As I have argued elsewhere, the notion that AI by its very nature produces a cultural residue devoid of value falls apart the moment one looks at history. The bulk of human production has always been slop. The canon we revere is the tip of an immense iceberg of forgotten, derivative, or simply boring creations. Every time a tool becomes accessible, production multiplies—and mediocrity with it. But from mass mediocrity, every single time, new forms of excellence have emerged. Crawford, like Bender, applies to AI a moral standard that she does not apply to other technologies. Nearly all of our technologies rest on analogous systems of extraction, consumption, and pollution, often on an enormously larger scale; yet we rarely subject intercontinental flight, video streaming, or 3D rendering to the same critical rigour.

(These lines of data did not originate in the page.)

Lemma prod_trinomial_roots_affine_exp : A != 0 ->
  \prod_(r <- rs) (L * r ^+ k - n%:R * C) = (-1) ^+ (k * m * k) * (C ^+ n * B ^+ t).
Proof.
move=> A_neq0; set w := n%:R * C / L.
have [vs vs_roots] := closed_monic_prod_XsubC (monicXnsubC w k_gt0).
have [size_vs vs_k] := XnsubC_roots k_gt0 vs_roots.
have -> : \prod_(r <- rs) (L * r ^+ k - n%:R * C) = L ^+ (k * m) * \prod_(r <- rs) (r ^+ k - w).
  rewrite -size_trinomial_roots -prodr_const_seq -big_split.
  by apply: eq_bigr => r _ /=; rewrite /w; field.
rewrite (prod_roots_exp_subC k_gt0 rs_roots vs_roots) size_trinomial_roots.
rewrite (eq_big_seq (fun v => A * ((w + C) ^+ m / A - v ^+ n))); last first.
  by move=> v v_in; rewrite !hornerE vs_k //; field.
rewrite big_split /= prodr_const_seq size_vs.
rewrite (prod_XnsubC_roots_sub_exp n k_gt0 _ vs_roots) gcdnC -/t -/n1 -/k1.
have base : L ^+ (k1 * m) * A ^+ k1 * (((w + C) ^+ m / A) ^+ k1 - w ^+ n1) = C ^+ n1 * B.
  have n1_le : (n1 <= k1 * m)%N.
    by rewrite -(leq_pmul2r t_gt0) -n_eq mulnAC -k_eq ltnW.
  have wC : w + C = (k * m)%:R * C / L.
    have -> : (k * m)%:R = L + n%:R :> F by rewrite -natrD subnK // ltnW.
    by rewrite /w; field.
  have eC : C ^+ (k1 * m) = C ^+ n1 * C ^+ (k1 * m - n1) by rewrite -exprD subnKC.
  have eL : L ^+ (k1 * m) = L ^+ n1 * L ^+ (k1 * m - n1) by rewrite -exprD subnKC.
  rewrite wC /B /w !expr_div_n !exprMn -!exprM (mulnC m k1) eC eL.
  have a_neq0 : A ^+ k1 != 0 by rewrite expf_neq0.
  have l1_neq0 : L ^+ n1 != 0 by rewrite expf_neq0.
  have l2_neq0 : L ^+ (k1 * m - n1) != 0 by rewrite expf_neq0.
  (* Generalizing the powers keeps [field] from unfolding [L]. *)
  move: a_neq0 l1_neq0 l2_neq0; move: (A ^+ k1) (L ^+ n1) (L ^+ (k1 * m - n1)) => a l1 l2.
  by move=> *; field; apply/and3P.
rewrite mulrCA; congr (_ * _).
have -> : L ^+ (k * m) = L ^+ (k1 * m) ^+ t by rewrite -exprM k_eq mulnAC.
have -> : A ^+ k = A ^+ k1 ^+ t by rewrite -exprM -k_eq.
have -> : C ^+ n = C ^+ n1 ^+ t by rewrite -exprM -n_eq.
by rewrite mulrA -!exprMn base.
Qed.

Lemma prod_deriv_trinomial_roots_neq0 : A != 0 ->
  \prod_(r <- rs) f^`().[r] =
  (-1) ^+ ((k * m + n + t) * (m - 1)) * A ^+ (k * (m - 1)) * C ^+ (m * (n - 1)) * B ^+ t.
Proof.
move=> A_neq0.
have key : \prod_(r <- rs) (f^`().[r] * (r * (r ^+ k + C))) =
           \prod_(r <- rs) (A * r ^+ n * (L * r ^+ k - n%:R * C)).
  by apply: eq_big_seq => r; exact: trinomial_deriv_root.
rewrite !big_split /= prodr_const_seq prodrXl size_trinomial_roots prod_trinomial_roots in key.
rewrite prod_trinomial_roots_addC prod_trinomial_roots_affine_exp // in key.
have nz : (-1) ^+ (k * m) * C ^+ m *
          ((-1) ^+ (k * m * k) * ((- A) ^+ k * ((-1) ^+ k * C) ^+ n)) != 0.
  by rewrite !mulf_neq0 ?signr_eq0 ?expf_neq0 ?oppr_eq0 // mulf_neq0 ?signr_eq0.
apply: (mulIf nz); rewrite key.
have eA : A ^+ (k * m) = A ^+ (k * (m - 1)) * A ^+ k.
  by rewrite -exprD; congr (_ ^+ _); nia.
have eC : C ^+ (m * n) = C ^+ (m * (n - 1)) * C ^+ m.
  by rewrite -exprD; congr (_ ^+ _); nia.
have sign : (-1) ^+ (k * m * n) = (-1) ^+ ((k * m + n + t) * (m - 1)) * (-1) ^+ (k * m)
                                  * (-1) ^+ k * (-1) ^+ (k * n) :> F.
  by rewrite -!exprD -signr_odd -[RHS]signr_odd odd_trinomial_disc_sign.
by rewrite (exprNn A) !exprMn -!exprM eA eC sign; ring.
Qed.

The conclusion of The AI Con reveals the structural limit of the entire approach. Bender and Hanna propose “strategic refusal” as a political horizon: saying no to AI, drawing inspiration from Luddite movements and feminist struggles. The invitation is suggestive, but the question left unanswered is: refusal in favour of what? If AI is a technology that, as the book itself documents, is already reshaping work, healthcare, education, and cultural production, refusal without an alternative project risks being a symbolic gesture that leaves the field open to those who govern and deploy these technologies. The authors envision specific, narrow-scope tools designed in collaboration with communities; but this vision sets a very low bar and fails to reckon with the possibility that general-purpose language models have already produced widespread, imperfect, and improvable benefits—benefits that a politics of outright refusal would end up surrendering entirely to those with fewer scruples.

The position I continue to hold is that these tools have concrete potential, and that precisely for this reason the politically relevant battle concerns who controls them and how they are governed. The denialism of the early period has delayed this discussion, sustained by the illusion that we are dealing with nothing more than an ephemeral and overrated fad. It is time to abandon what Benjamin Bratton has called the first stage of grief towards AI: denial.

This means demanding public, open, and open-source artificial intelligences whose code and weights are inspectable and modifiable by the public at large; it means international regulation of military use, transparency about energy consumption, targeted taxation of tech companies, real protections for workers, and educational pathways that forestall privileged fast lanes. We should also criticise AI by using AI, without question, but without hiding it any longer.

Sources.

Bender, E. M., Gebru, T., McMillan-Major, A. & Shmitchell, S. (2021). “On the Dangers of Stochastic Parrots: Can Language Models Be Too Big?” Proceedings of the 2021 ACM Conference on Fairness, Accountability, and Transparency (FAccT ’21), 610–623.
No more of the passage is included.